Becoming popular after the “death” of Microsoft Silverlight, Mobile HTML5 has gained ground in numerous ways.
Most devices already support Mobile HTML5, there are no significant competitors since the abolition of Silverlight, and the high level of performance from current mobile devices allows for taking full advantage of this language.
HTML5 is also the most obvious way to create a universal app that supports various mobile operating systems.
This is not to say “native” apps will disappear, as they are a mainstay of connecting users to a particular mobile platform. Despite this fact, understanding HTML5 is a must for mobile app developers.
NFC is a relatively new word in the world of mobile devices that refers to the ability to exchange data between devices at a distance of approximately four inches.
Current leading mobile OS Android devices, such as the Samsung Galaxy S III and Motorola Droid Razr Maxx HD, already have the NFC-chip built-in and the next generation of Apple’s iPhone may likely include the chip.
The quick deployment of NFC technology means new opportunities for mobile interaction with various other devices and, as a result, the emergence of new and improved services, such as one-time ticket authorization and faster bar code/QR code recognition.
With these advancements, developers will have new challenges with existing payment systems and creating separate niche-oriented apps for miscellaneous services and goods.
In addition, this technology can be used in services and devices for personal identification by the owner of the mobile device and, therefore, involves the development of customized apps for data services.
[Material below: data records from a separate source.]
Lemma point_indicator (i : 'I_N) : (2 < N)%N -> exists e : {mpoly k[n]},
  [/\ e \is 4.-homog, e.@[v i] = 1 & forall p, p != i -> e.@[v p] = 0].
Proof.
move=> N_gt2; have lt0 : (0 < N.-1)%N by lia.
have lt1 : (1 < N.-1)%N by lia.
pose p0 := lift i (Ordinal lt0); pose p1 := lift i (Ordinal lt1).
have p0_neq_i : p0 != i by rewrite eq_sym neq_lift.
have p1_neq_i : p1 != i by rewrite eq_sym neq_lift.
have [Z0 [Z0_homog Z0_i Z0_off]] := separating_quadric p0_neq_i.
have [Z1 [Z1_homog Z1_i Z1_off]] := separating_quadric p1_neq_i.
exists (Z0 * Z1); split; first exact: (dhomogM Z0_homog Z1_homog).
  by rewrite mevalM Z0_i Z1_i mulr1.
move=> p p_neq_i; rewrite mevalM; have [->|p_neq_p0] := eqVneq p p0.
  by rewrite Z1_off ?mulr0 // (inj_eq (@lift_inj _ i)).
by rewrite Z0_off ?mul0r.
Qed.

Lemma other_points (i : 'I_N) : (n < N)%N ->
  exists s : 'I_n -> 'I_N, injective s /\ forall a, s a != i.
Proof.
move=> n_lt_N; have n_le : (n <= N.-1)%N by lia.
exists (fun a => lift i (widen_ord n_le a)); split=> [a b /lift_inj E|a].
  by apply: val_inj; have /= := congr1 val E.
by rewrite eq_sym neq_lift.
Qed.

Hypothesis v_span : every_n_span v.

Lemma span_coords (s : 'I_n -> 'I_N) (c : 'I_n -> k) : injective s ->
  exists beta : 'I_n -> k, forall l, \sum_a beta a * v (s a) l = c l.
Proof.
move=> s_inj; pose M := \matrix_(a < n, b < n) v (s a) b.
have M_unit : M \in unitmx by rewrite unitmxE unitfE; apply: v_span.
exists (fun a => ((\row_b c b) *m invmx M) 0 a) => l.
have := congr1 (fun A : 'rV_n => A 0 l) (mulmxKV M_unit (\row_b c b)).
rewrite /= mxE => <-; rewrite mxE.
by apply: eq_bigr => a _; rewrite [M a l]mxE.
Qed.

Lemma local_interpolant (i : 'I_N) (r : 'I_n) (c : 'I_n -> k) (l0 : nat) :
  (n < N)%N -> v i r != 0 -> exists (G : 'I_n -> {mpoly k[n]}) (mu : 'I_N -> k),
  [/\ forall l, G l \is l0.+2.-homog, forall l, (G l).@[v i] = c l &
      forall j, j != i -> forall l, (G l).@[v j] = mu j * v j l].
Proof.
move=> n_lt_N vir_neq0; have [s [s_inj s_neq_i]] := other_points i n_lt_N.
have /fin_all_exists [Z Z_prop] a : exists Z : {mpoly k[n]},
    [/\ Z \is 2.-homog, Z.@[v i] = 1 & forall j, j != i -> j != s a -> Z.@[v j] = 0].
  exact: separating_quadric.
have [beta beta_c] := span_coords c s_inj.
(* At v j with j != i only the summands with s a = j survive, and they are
   multiples of v j. *)
pose y : {mpoly k[n]} := ((v i r)^-1 *: 'X_r) ^+ l0.
have y_homog : y \is l0.-homog.
  by rewrite -[l0]mul1n dhomogMn // dhomogZ // dhomogX /= mdeg1.
have y_at_i : y.@[v i] = 1 by rewrite rmorphXn /= mevalZ mevalXU mulVf // expr1n.
exists (fun l => \sum_a (beta a * v (s a) l) *: (Z a * y)).
exists (fun j => \sum_a (if s a == j then beta a * (Z a * y).@[v j] else 0)).
split=> [l|l|j j_neq_i l].
- apply: rpred_sum => a _; apply: rpredZ; rewrite -[l0.+2]/(2 + l0)%N.
  by apply: dhomogM y_homog; case: (Z_prop a).
- rewrite -beta_c raddf_sum /=; apply: eq_bigr => a _.
  by case: (Z_prop a) => _ Z_i _; rewrite mevalZ mevalM Z_i y_at_i !mulr1.
rewrite raddf_sum mulr_suml /=; apply: eq_bigr => a _; rewrite mevalZ.
have [<-|sa_neq_j] := eqVneq (s a) j; first by rewrite mulrAC.
case: (Z_prop a) => _ _ Z_off.
by rewrite mevalM Z_off // 1?eq_sym // !(mul0r, mulr0).
Qed.

Lemma interpolant (c : 'I_N -> 'I_n -> k) (l0 : nat) :
  (n < N)%N -> (forall i, exists r, v i r != 0) ->
  exists g : 'I_n -> {mpoly k[n]}, (forall l, g l \is l0.+2.-homog) /\
    forall j, exists mu : k, forall l, (g l).@[v j] = c j l + mu * v j l.
Proof.
move=> n_lt_N v_neq0.
have /fin_all_exists [Gmu Gmu_prop] i :
    exists Gm : ('I_n -> {mpoly k[n]}) * ('I_N -> k),
    [/\ forall l, Gm.1 l \is l0.+2.-homog, forall l, (Gm.1 l).@[v i] = c i l &
        forall j, j != i -> forall l, (Gm.1 l).@[v j] = Gm.2 j * v j l].
  have [r vir_neq0] := v_neq0 i.
  by have [G [mu ?]] := local_interpolant (c i) l0 n_lt_N vir_neq0; exists (G, mu).
exists (fun l => \sum_i (Gmu i).1 l); split=> [l|j].
  by apply: rpred_sum => i _; case: (Gmu_prop i) => /(_ l).
exists (\sum_(i | i != j) (Gmu i).2 j) => l.
rewrite raddf_sum (bigD1 j) //= mulr_suml.
case: (Gmu_prop j) => _ -> _; congr (_ + _); apply: eq_bigr => i i_neq_j.
by case: (Gmu_prop i) => _ _ ->; rewrite 1?eq_sym.
Qed.

End Interpolation.

Section PositiveWeight.
Variables (k : fieldType) (n N : nat) (v : 'I_N -> 'I_n -> k).
Hypothesis pchar0 : [pchar k] =i pred0.
Variable phi : {mpoly k[n]} -> {mpoly k[n]}.
Hypothesis phi_hom : is_hom_I_O v phi.
Local Notation coneI := (in_coneI v).

Lemma coneI_phi_sum K (F : 'I_K -> {mpoly k[n]}) : (forall d, coneI (F d)) ->
  coneI (phi (\sum_d F d) - \sum_d phi (F d)).
Proof.
move=> F_in; suff [] : coneI (\sum_d F d) /\
    coneI (phi (\sum_d F d) - \sum_d phi (F d)) by [].
apply: (big_rec2 (fun y1 y2 => coneI y1 /\ coneI (phi y1 - y2))).
  split; first exact: coneI0.
  by have := phi_hom 0 0 (coneI0 v) (coneI0 v); rewrite !mul0r !addr0 subr0.
move=> d y1 y2 _ [y1_in y12_in]; split; first exact: coneID.
have := coneID (phi_hom 1 1 (F_in d) y1_in) y12_in; rewrite !mul1r.
by congr in_coneI; ring.
Qed.

Lemma from_derivation_dhomog g :
  (forall d f, coneI f -> f \is d.-homog -> coneI (phi f - derivation g f)) ->
  from_derivation v phi.
Proof.
move=> g_der; exists g => f f_in; change (coneI (phi f - derivation g f)).
pose fd (d : 'I_(msize f)) := pihomog mdeg d f.
have f_sum : f = \sum_d fd d := pihomog_partitionE (leqnn _).
have fd_in d : coneI (fd d) by apply: coneI_pihomog.
have -> : phi f - derivation g f = (phi (\sum_d fd d) - \sum_d phi (fd d)) +
    \sum_d (phi (fd d) - derivation g (fd d)).
  rewrite sumrB -f_sum addrA subrK; congr (_ - _).
  rewrite /derivation {1}f_sum; under eq_bigr do rewrite raddf_sum mulr_sumr.
  by rewrite exchange_big.
apply: coneID; first exact: coneI_phi_sum.
apply: big_ind => [|x y|d _]; [exact: coneI0 | exact: coneID |].
exact/g_der/pihomogP.
Qed.

Lemma coneI_phi_sub_derivation l g d f : hom_of_weight v l phi ->
  (forall j, g j \is l.+1.-homog) ->
  (forall i, phi_at v phi i f = (derivation g f).@[v i]) ->
  coneI f -> f \is d.-homog -> coneI (phi f - derivation g f).
Proof.
move=> phi_w g_homog phi_at_f f_in f_homog.
have [h [h_homog phi_h]] := phi_w d f f_in f_homog.
have h_D : coneI (h - derivation g f).
  apply: (coneI_dhomog (d := (d + l)%N)).
    by rewrite rpredB // addnC dhomog_derivation.
  move=> i; rewrite mevalB -phi_at_f; apply/eqP.
  by rewrite subr_eq0 eq_sym -subr_eq0 -mevalB coneI_meval.
by have := coneID phi_h h_D; rewrite subrKA.
Qed.

End PositiveWeight.

Lemma T1_vanishes_pos (k : fieldType) (n N : nat) (v : 'I_N -> 'I_n -> k) l :
  [pchar k] =i pred0 -> (2 < N)%N -> (n < N)%N -> (forall i, exists r, v i r != 0) ->
  every_n_span v -> indep_on_quadrics_but_one v -> T1_vanishes v l.+1.
Proof.
move=> pchar0 N_gt2 n_lt_N v_neq0 v_span v_quad phi phi_hom phi_w.
have [r vr_neq0] := fin_all_exists v_neq0.
have [e e_prop] := fin_all_exists (fun i => point_indicator v_quad i N_gt2).
pose c i := normal_coef v phi i (r i) (e i).
have [g [g_homog g_at]] := interpolant v_quad v_span c l n_lt_N v_neq0.
apply: (from_derivation_dhomog pchar0 phi_hom (g := g)) => d f f_in f_homog.
apply: (coneI_phi_sub_derivation phi_w g_homog _ f_in f_homog) => i.
have [e_homog e_at_i e_off_i] := e_prop i; have [mu g_at_i] := g_at i.
rewrite (phi_at_derivation phi_hom (vr_neq0 i) e_homog e_at_i e_off_i mu f_homog f_in).
by rewrite raddf_sum; apply: eq_bigr => j _; rewrite /= mevalM g_at_i.
Qed.

Theorem mainTheorem14 (k : closedFieldType) (Hchar : [pchar k] =i pred0)
  (n : nat) (Hn : (2 <= n)%N) (v : 'I_(2 * n) -> 'I_n -> k) :
  distinct_points v ->
  cone_Gorenstein v ->
  every_n_span v ->
  indep_on_quadrics_but_one v ->
  forall l : nat, (0 < l)%N -> T1_vanishes v l.
Proof.
move=> [v_neq0 _] _ v_span v_quad [//|l] _.
by apply: T1_vanishes_pos => //; lia.
Qed.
Currently, there is no protection from a third party in the implementation of NFC standards, which means a careful approach to security must be taken with measures such as the use of cryptographic algorithms. This implies an increase in the time and effort for app development.
New Year, new devices
In 2013, we will probably see two new devices that will present a number of challenges to mobile app developers.
The first one, Project Glass from Google, introduces augmented reality glasses that display data through a Bluetooth connection with the mobile device.
This again presents the need to reformat apps to work with a new size and technology. It also means there will need to be many more apps created, from navigation to displaying text messages.
Also, apps will need to be developed with a sense for the limitations of Bluetooth technology, most specifically minimizing traffic because of the low data exchange rate.
The second new device is the long awaited Ubuntu Phone.
With this new OS, the challenges for developers are obvious: a new market segment of mobile devices and a new operating system.
There will be opportunities to use existing technologies for developing Ubuntu apps because the whole idea of Ubuntu – to create a mobile operating system – will not be completely separated from the desktop version, but will be an extension of it.
What is all the hype?
Gartner’s Hype Cycle neatly represents the maturity and adoption of apps and technologies.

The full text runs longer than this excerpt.